(* Let $T$ be a tree with edges $e_1,\ldots,e_m$. For $k\neq l$, the forest $T-\{e_k,e_l\}$ has three connected components, exactly one of which contains an end-vertex of both $e_k$ and $e_l$; let $m_1(e_k,e_l)$ and $m_2(e_k,e_l)$ be the numbers of edges in the other two components. Then $$WW_e(T)=2W_e(T)+\sum_{k=1}^{m-1}\sum_{l=k+1}^{m}m_1(e_k,e_l)\,m_2(e_k,e_l)-\binom{m}{2}.$$
   Context: The distance $d(e,f)$ between edges is the distance between $e$ and $f$ as vertices of the line graph. The edge-Wiener index is $W_e(G)=\sum_{\{e,f\}\subseteq E(G)}d(e,f)$ and the edge-hyper-Wiener index is $WW_e(G)=\frac12\sum_{\{e,f\}\subseteq E(G)}d(e,f)+\frac12\sum_{\{e,f\}\subseteq E(G)}d(e,f)^2$, sums over unordered pairs of distinct edges. *)

From mathcomp Require Import all_boot all_order all_algebra.
Set Implicit Arguments. Unset Strict Implicit. Unset Printing Implicit Defensive.
Import Order.TTheory GRing.Theory Num.Theory.

(* A simple graph on a finite vertex type T is a symmetric irreflexive e : rel T. *)

Definition edges (T : finType) (e : rel T) : {set {set T}} :=
  [set A : {set T} | [exists x, exists y, e x y && (A == [set x; y])]].

Definition line_adj (T : finType) (e : rel T) : rel {set T} :=
  fun A B => [&& A \in edges e, B \in edges e, A != B & A :&: B != set0].

(* Graph distance: least n such that there is an r-walk of length n from x to y.
   (Shortest walks have length < #|U|.) *)
Definition gdist (U : finType) (r : rel U) (x y : U) : nat :=
  find (fun n => [exists p : n.-tuple U, path r x p && (last x p == y)])
       (iota 0 #|U|).

Definition edist (T : finType) (e : rel T) (A B : {set T}) : nat :=
  gdist (line_adj e) A B.

Definition connected (T : finType) (e : rel T) : Prop := forall x y, connect e x y.
Definition acyclic (T : finType) (e : rel T) : Prop :=
  forall c : seq T, uniq c -> 2 < size c -> ~~ cycle e c.
Definition is_tree (T : finType) (e : rel T) : Prop :=
  [/\ symmetric e, irreflexive e, connected e & acyclic e].

Definition Wedge (T : finType) (e : rel T) : nat :=
  let s := enum (edges e) in
  \sum_(k < size s) \sum_(l < size s | k < l) edist e (nth set0 s k) (nth set0 s l).
Definition cont_nonneg (f : R -> R) : Prop :=
  forall x, 0 <= x -> forall eps, 0 < eps -> exists delta, 0 < delta /\
    forall y, 0 <= y -> Rabs (y - x) < delta -> Rabs (f y - f x) < eps.

Definition cont2_nonneg (g : R -> R -> R) : Prop :=
  forall x t, 0 <= x -> 0 <= t -> forall eps, 0 < eps -> exists delta, 0 < delta /\
    forall y u, 0 <= y -> 0 <= u -> Rabs (y - x) < delta -> Rabs (u - t) < delta ->
      Rabs (g y u - g x t) < eps.

Definition classK (sigma : R -> R) : Prop :=
  cont_nonneg sigma /\
  (forall x, 0 <= x -> 0 <= sigma x) /\
  (forall x y, 0 <= x -> x < y -> sigma x < sigma y) /\
  sigma 0 = 0.

Definition classKL (beta : R -> R -> R) : Prop :=
  cont2_nonneg beta /\
  (forall s t, 0 <= s -> 0 <= t -> 0 <= beta s t) /\
  (forall t, 0 <= t -> classK (fun s => beta s t)) /\
  (forall s, 0 <= s ->
     (forall t1 t2, 0 <= t1 -> t1 <= t2 -> beta s t2 <= beta s t1) /\
     (forall eps, 0 < eps -> exists T, 0 <= T /\
        forall t, T <= t -> beta s t < eps)).

(* Choose times c_n after which beta(n+2, .) < 2^-(n+1), and the class-K function
   rho(r) = r + sum_n c_n max(0, r - n), so that rho(n+1) >= c_n.  For r in [n, n+1] and tau >= 1 we then have
   beta(r, tau (1 + rho r)) <= g_n(tau) := beta(n+1, tau (1 + rho n)), and
   g_n <= K 2^-n, so phi = sum_n g_n is a continuous, nonincreasing function
   tending to 0 which bounds beta(r, t) as soon as tau = t / (1 + rho r) >= 1.
   In beta_hat(s, tau) = beta(s, tau) + max(0, sigma s - max(0, tau - 1))
   + min(sigma s, phi tau), the second summand covers tau <= 1, the third
   tau >= 1, and the first makes beta_hat strictly increasing in s. *)
From Stdlib Require Import Reals Lra Lia ZArith IndefiniteDescription.
Open Scope R_scope.

Ltac case_Rabs_Rmin_Rmax := unfold Rmax, Rmin in *; repeat match goal with
  | |- context [Rle_dec ?a ?b] => destruct (Rle_dec a b)
  | H : context [Rle_dec ?a ?b] |- _ => destruct (Rle_dec a b)
  | |- context [Rabs ?x] => unfold Rabs at 1; destruct (Rcase_abs x)
  | H : context [Rabs ?x] |- _ => unfold Rabs at 1 in H; destruct (Rcase_abs x)
  end.

Definition nonexpansive2 (op : R -> R -> R) : Prop :=
  forall a b a' b', Rabs (op a b - op a' b') <= Rabs (a - a') + Rabs (b - b').

Lemma nonexpansive2_Rplus : nonexpansive2 Rplus.
Proof. intros a b a' b'; case_Rabs_Rmin_Rmax; lra. Qed.

Lemma nonexpansive2_Rmin : nonexpansive2 Rmin.
Proof. intros a b a' b'; case_Rabs_Rmin_Rmax; lra. Qed.

Lemma nonexpansive2_clip : nonexpansive2 (fun a b => Rmax 0 (a - Rmax 0 (b - 1))).
Proof. intros a b a' b'; case_Rabs_Rmin_Rmax; lra. Qed.

Lemma Rmax_nonexpansive_r a x y : Rabs (Rmax a x - Rmax a y) <= Rabs (x - y).
Proof. case_Rabs_Rmin_Rmax; lra. Qed.

Lemma cont_nonneg_of_continuity f : continuity f -> cont_nonneg f.
Proof.
  intros Hf x _ eps heps.
  destruct (Hf x eps heps) as [d [hd Hd]].
  exists d; split; [lra|]. intros y _ hyx.
  destruct (Req_dec y x) as [->|hne].
  - rewrite Rminus_diag, Rabs_R0; lra.
  - apply (Hd y). repeat split; auto.
Qed.

Lemma cont2_nonneg_comp op f g :
  nonexpansive2 op -> cont2_nonneg f -> cont2_nonneg g ->
  cont2_nonneg (fun s t => op (f s t) (g s t)).
Proof.
  intros Hop Hf Hg x t hx ht eps heps.
  destruct (Hf x t hx ht (eps / 2)) as [d1 [hd1 H1]]; [lra|].
  destruct (Hg x t hx ht (eps / 2)) as [d2 [hd2 H2]]; [lra|].
  exists (Rmin d1 d2); split; [apply Rmin_pos; lra|].
  intros y u hy hu hyx hut.
  assert (Rabs (y - x) < d1 /\ Rabs (y - x) < d2) as [] by (case_Rabs_Rmin_Rmax; lra).
  assert (Rabs (u - t) < d1 /\ Rabs (u - t) < d2) as [] by (case_Rabs_Rmin_Rmax; lra).
  specialize (H1 y u hy hu ltac:(assumption) ltac:(assumption)).
  specialize (H2 y u hy hu ltac:(assumption) ltac:(assumption)).
  specialize (Hop (f y u) (g y u) (f x t) (g x t)). lra.
Qed.

Lemma cont2_nonneg_fst f : cont_nonneg f -> cont2_nonneg (fun s _ => f s).
Proof.
  intros Hf x t hx _ eps heps. destruct (Hf x hx eps heps) as [d [hd Hd]].
  exists d; split; [lra|]. intros; apply Hd; auto.
Qed.

Lemma cont2_nonneg_snd f : cont_nonneg f -> cont2_nonneg (fun _ t => f t).
Proof.
  intros Hf x t _ ht eps heps. destruct (Hf t ht eps heps) as [d [hd Hd]].
  exists d; split; [lra|]. intros; apply Hd; auto.
Qed.

Lemma cont_nonneg_section g t : cont2_nonneg g -> 0 <= t -> cont_nonneg (fun s => g s t).
Proof.
  intros Hg ht x hx eps heps. destruct (Hg x t hx ht eps heps) as [d [hd Hd]].
  exists d; split; [lra|]. intros y hy hyx. apply Hd; auto.
  rewrite Rminus_diag, Rabs_R0; lra.
Qed.

Lemma sum_f_R0_ge_term f N k :
  (forall n, 0 <= f n) -> (k <= N)%nat -> f k <= sum_f_R0 f N.
Proof.
  intros Hf. induction N as [|N IH]; intros hk.
  - replace k with 0%nat by lia. simpl; lra.
  - rewrite tech5. destruct (Nat.eq_dec k (S N)) as [->|hne].
    + pose proof (cond_pos_sum f N Hf). lra.
    + specialize (IH ltac:(lia)). specialize (Hf (S N)). lra.
Qed.

Lemma sum_f_R0_increment_le f h N k :
  (forall n, f n <= h n) ->
  sum_f_R0 f (N + k) - sum_f_R0 f N <= sum_f_R0 h (N + k) - sum_f_R0 h N.
Proof.
  intros Hfh. induction k as [|k IH].
  - rewrite Nat.add_0_r. lra.
  - rewrite Nat.add_succ_r, !tech5. specialize (Hfh (S (N + k))). lra.
Qed.

Lemma Un_cv_le_eventually u l b N :
  Un_cv u l -> (forall m, (N <= m)%nat -> u m <= b) -> l <= b.
Proof.
  intros Hu Hb. destruct (Rle_dec l b) as [|hlb]; [assumption|]. exfalso.
  destruct (Hu (l - b)) as [M HM]; [lra|].
  specialize (HM (max N M) ltac:(lia)). specialize (Hb (max N M) ltac:(lia)).
  unfold Rdist in HM. case_Rabs_Rmin_Rmax; lra.
Qed.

------------------------------------------------------------

EXERCISE:
All that is wanted is an exact copy of the lines above from the one with "Lemma sum_f_R0_ge_term f" through the one with "(forall n, f n <= h n) ->", with both ends included.

RESPONSE:
Lemma sum_f_R0_ge_term f N k :
  (forall n, 0 <= f n) -> (k <= N)%nat -> f k <= sum_f_R0 f N.
Proof.
  intros Hf. induction N as [|N IH]; intros hk.
  - replace k with 0%nat by lia. simpl; lra.
  - rewrite tech5. destruct (Nat.eq_dec k (S N)) as [->|hne].
    + pose proof (cond_pos_sum f N Hf). lra.
    + specialize (IH ltac:(lia)). specialize (Hf (S N)). lra.
Qed.

Lemma sum_f_R0_increment_le f h N k :
  (forall n, f n <= h n) ->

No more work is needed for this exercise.